Each line of the data holding "split" should be found and copied.

···

(* Let $K$ be a compact metric space and $\{\mu_j\}$ a sequence of finite positive regular Borel measures on $K$ converging weak-* in $C(K)^*$ to a finite positive Borel measure $\mu$. Suppose $\operatorname{supp}\mu_j\cap\operatorname{supp}\mu=\emptyset$ for all $j$. Then the measures $\mu_j$ converge weak-* to $\mu$ regularly.
   Context: Weak-* convergence means $\int h\,d\mu_j\to\int h\,d\mu$ for all $h\in C(K)$. The convergence is called regular if, in addition, for every $\mu$-measurable set $A\subset K_0=\operatorname{supp}\mu$ and every $\varepsilon>0$ there are an open set $O\subset K$ with $A\subset O$ and an index $j_0$ such that $\mu_j(O)<\mu(A)+\varepsilon$ for all $j\ge j_0$. *)

From HB Require Import structures.
From mathcomp Require Import all_boot all_order all_algebra.
From mathcomp Require Import all_classical all_reals all_analysis.
Set Implicit Arguments. Unset Strict Implicit. Unset Printing Implicit Defensive.
Import Order.TTheory GRing.Theory Num.Theory numFieldNormedType.Exports.
Local Open Scope classical_set_scope.
Local Open Scope ring_scope.

(* Metric spaces with a distinguished point (i.e. nonempty), needed so that
   the Borel sigma-algebra yields a measurableType. *)
#[short(type="pmetricType")]
HB.structure Definition PointedMetric (K : numDomainType) :=
  { M of Metric K M & isPointed M }.

Definition borelType (T : ptopologicalType) := g_sigma_algebraType (@open T).

Section defs.
Context {R : realType} {T : ptopologicalType}.
Local Notation B := (borelType T).

Definition msupp (mu : set B -> \bar R) : set T :=
  [set x | forall O : set T, open O -> O x -> (0 < mu O)%E].

Definition regular_measure (mu : set B -> \bar R) : Prop :=
  forall A : set B, measurable A ->
    mu A = ereal_inf [set mu O | O in [set O : set T | open O /\ A `<=` O]] /\
    mu A = ereal_sup [set mu C | C in [set C : set T | compact C /\ C `<=` A]].

Definition weak_star_cvg (mu_ : nat -> {measure set B -> \bar R})
  (mu : {measure set B -> \bar R})
  : Prop :=
  forall h : T -> R, continuous h ->
    (fun j => (\int[mu_ j]_x (h x)%:E)%E) @ \oo --> (\int[mu]_x (h x)%:E)%E.

(* [mu_meas_val mu A a]: A is mu-measurable (i.e. measurable for the
   completion of mu) and its completed measure is a. *)
Definition mu_meas_val (mu : set B -> \bar R) (A : set T) (a : \bar R) : Prop :=
  exists (Bs N : set B), [/\ measurable Bs, measurable N, mu N = 0%E,
    (A `\` Bs) `|` (Bs `\` A) `<=` N & mu Bs = a].

Definition regular_weak_star_cvg (mu_ : nat -> {measure set B -> \bar R})
  (mu : {measure set B -> \bar R}) : Prop :=
  weak_star_cvg mu_ mu /\
  forall (A : set T) (a : \bar R), A `<=` msupp mu -> mu_meas_val mu A a ->
  forall eps : R, 0 < eps ->
  exists O : set T, [/\ open O, A `<=` O &
    exists j0 : nat, forall j, (j0 <= j)%N -> (mu_ j O < a + eps%:E)%E].
End defs.

From HB Require Import structures.
From mathcomp Require Import all_boot all_order all_algebra.
From mathcomp Require Import all_classical all_reals all_analysis.
From mathcomp Require Import measurable_realfun lra.
Import Order.TTheory GRing.Theory Num.Theory numFieldNormedType.Exports.
Local Open Scope classical_set_scope.
Local Open Scope ring_scope.
(* Let $\sigma\subset N_{\mathbb{Q}}$ be a pointed rational polyhedral cone, $n=\dim N_{\mathbb{Q}}$, and let $P=Q+\sigma^{\vee}$ with $Q\subset M_{\mathbb{Q}}$ a polytope whose vertices lie in $M$. Then for every integer $e\ge n-1$ the polyhedron $eP$ is normal. In particular, every integrally closed homogeneous ideal of an affine toric surface $\mathbf{k}[\sigma^{\vee}\cap M]$ (with $n=2$) is normal.
   Context: $N$ lattice of rank $n$, $M$ its dual; $\sigma^{\vee}=\{m\in M_{\mathbb{Q}}: m(v)\ge0\ \forall v\in\sigma\}$. $eP$ is the dilation of $P$ by $e$. A polyhedron $P'=Q'+\sigma^{\vee}$ with $Q'$ a lattice polytope is normal if for every integer $e\ge1$, $(eP')\cap M=\{m_1+\cdots+m_e:\ m_i\in P'\cap M\}$. An ideal is normal if all its positive powers are integrally closed; homogeneous ideals of $\mathbf{k}[\sigma^{\vee}\cap M]$ are nonzero ideals generated by monomials $\chi^m$. *)

(* N = M = Z^n, N_Q = M_Q = Q^n realised as row vectors 'rV[rat]_n,
   with the pairing M x N -> Q the standard dot product. *)
From HB Require Import structures.
From mathcomp Require Import all_boot all_order all_algebra.
Set Implicit Arguments. Unset Strict Implicit. Unset Printing Implicit Defensive.
Import Order.TTheory GRing.Theory Num.Theory.
Local Open Scope ring_scope.

Definition pairing (n : nat) (m v : 'rV[rat]_n) : rat := \sum_(i < n) m 0 i * v 0 i.

Definition lattice_pt (n : nat) (v : 'rV[rat]_n) : Prop :=
  forall i : 'I_n, exists z : int, v 0 i = z%:~R.

Definition cone_gen (n : nat) (gens : seq 'rV[rat]_n) (v : 'rV[rat]_n) : Prop :=
  exists lam : 'I_(size gens) -> rat,
    (forall i, 0 <= lam i) /\ v = \sum_(i < size gens) lam i *: gens`_i.

Definition pointed (n : nat) (sigma : 'rV[rat]_n -> Prop) : Prop :=
  forall v, sigma v -> sigma (- v) -> v = 0.

Definition dual_cone (n : nat) (sigma : 'rV[rat]_n -> Prop) (m : 'rV[rat]_n) : Prop :=
  forall v, sigma v -> 0 <= pairing m v.

Definition conv_hull (n : nat) (pts : seq 'rV[rat]_n) (x : 'rV[rat]_n) : Prop :=
  exists lam : 'I_(size pts) -> rat,
    [/\ forall i, 0 <= lam i, \sum_(i < size pts) lam i = 1 &
        x = \sum_(i < size pts) lam i *: pts`_i].

Definition minkowski (n : nat) (A B : 'rV[rat]_n -> Prop) (x : 'rV[rat]_n) : Prop :=
  exists a b, A a /\ B b /\ x = a + b.

Definition dilate (n : nat) (e : nat) (P : 'rV[rat]_n -> Prop) (x : 'rV[rat]_n) : Prop :=
  exists p, P p /\ x = e%:R *: p.

Definition normal_polyhedron (n : nat) (P : 'rV[rat]_n -> Prop) : Prop :=
  forall k : nat, (1 <= k)%N -> forall m : 'rV[rat]_n,
    (dilate k P m /\ lattice_pt m) <->
    (exists f : 'I_k -> 'rV[rat]_n,
        (forall i, P (f i) /\ lattice_pt (f i)) /\ m = \sum_(i < k) f i).

From HB Require Import structures.
From mathcomp Require Import all_boot all_order all_algebra.
From mathcomp Require Import zify.
Import Order.TTheory GRing.Theory Num.Theory.
Local Open Scope ring_scope.

Set Implicit Arguments.
Unset Strict Implicit.
Unset Printing Implicit Defensive.

(* Every point of [Q + C] is a convex combination of lattice points of [Q + C]
   (clear the denominators of its cone part). Hence, by Caratheodory, a lattice
   point [x] of [(c + d) P] is [sum_i a_i w_i] with [n + 1] lattice points [w_i] of
   [P] and [sum_i a_i = c + d]. If the integral parts [trunc a_i] add up to at least
   [d], they split off a lattice point of [d P] and leave one of [c P]. Otherwise,
   since [c >= n - 1], the fractional parts are all positive and add up to exactly
   [n], so [z = sum_i (1 - frac a_i) w_i] is a lattice point of [P]; exchanging a
   suitable [w_j] for [z] (ratio test) multiplies the integer [det [1 | w_i]] by
   [1 - frac a_j < 1], which can happen only finitely often. When the determinant
   vanishes, an affine dependence frees one coefficient instead, and the remaining
   fractional parts add up to at most [n - 1 <= c]. Peeling off lattice points of
   [c P] one at a time proves that [c P] is normal. *)

Section LatticePoints.
Variable n : nat.
Implicit Types u v : 'rV[rat]_n.

Lemma lattice_ptE v : lattice_pt v <-> forall i, v 0 i \is a Num.int.
Proof. by split=> H i; apply/intrP; apply: H. Qed.

Lemma lattice_pt0 : lattice_pt (0 : 'rV[rat]_n).
Proof. by apply/lattice_ptE => i; rewrite mxE. Qed.

Lemma lattice_ptD u v : lattice_pt u -> lattice_pt v -> lattice_pt (u + v).
Proof. by move=> /lattice_ptE Hu /lattice_ptE Hv; apply/lattice_ptE => i; rewrite mxE rpredD. Qed.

···

* **Response to this task**
   [d], they split off a lattice point of [d P] and leave one of [c P]. Otherwise,
Proof. by split=> H i; apply/intrP; apply: H. Qed.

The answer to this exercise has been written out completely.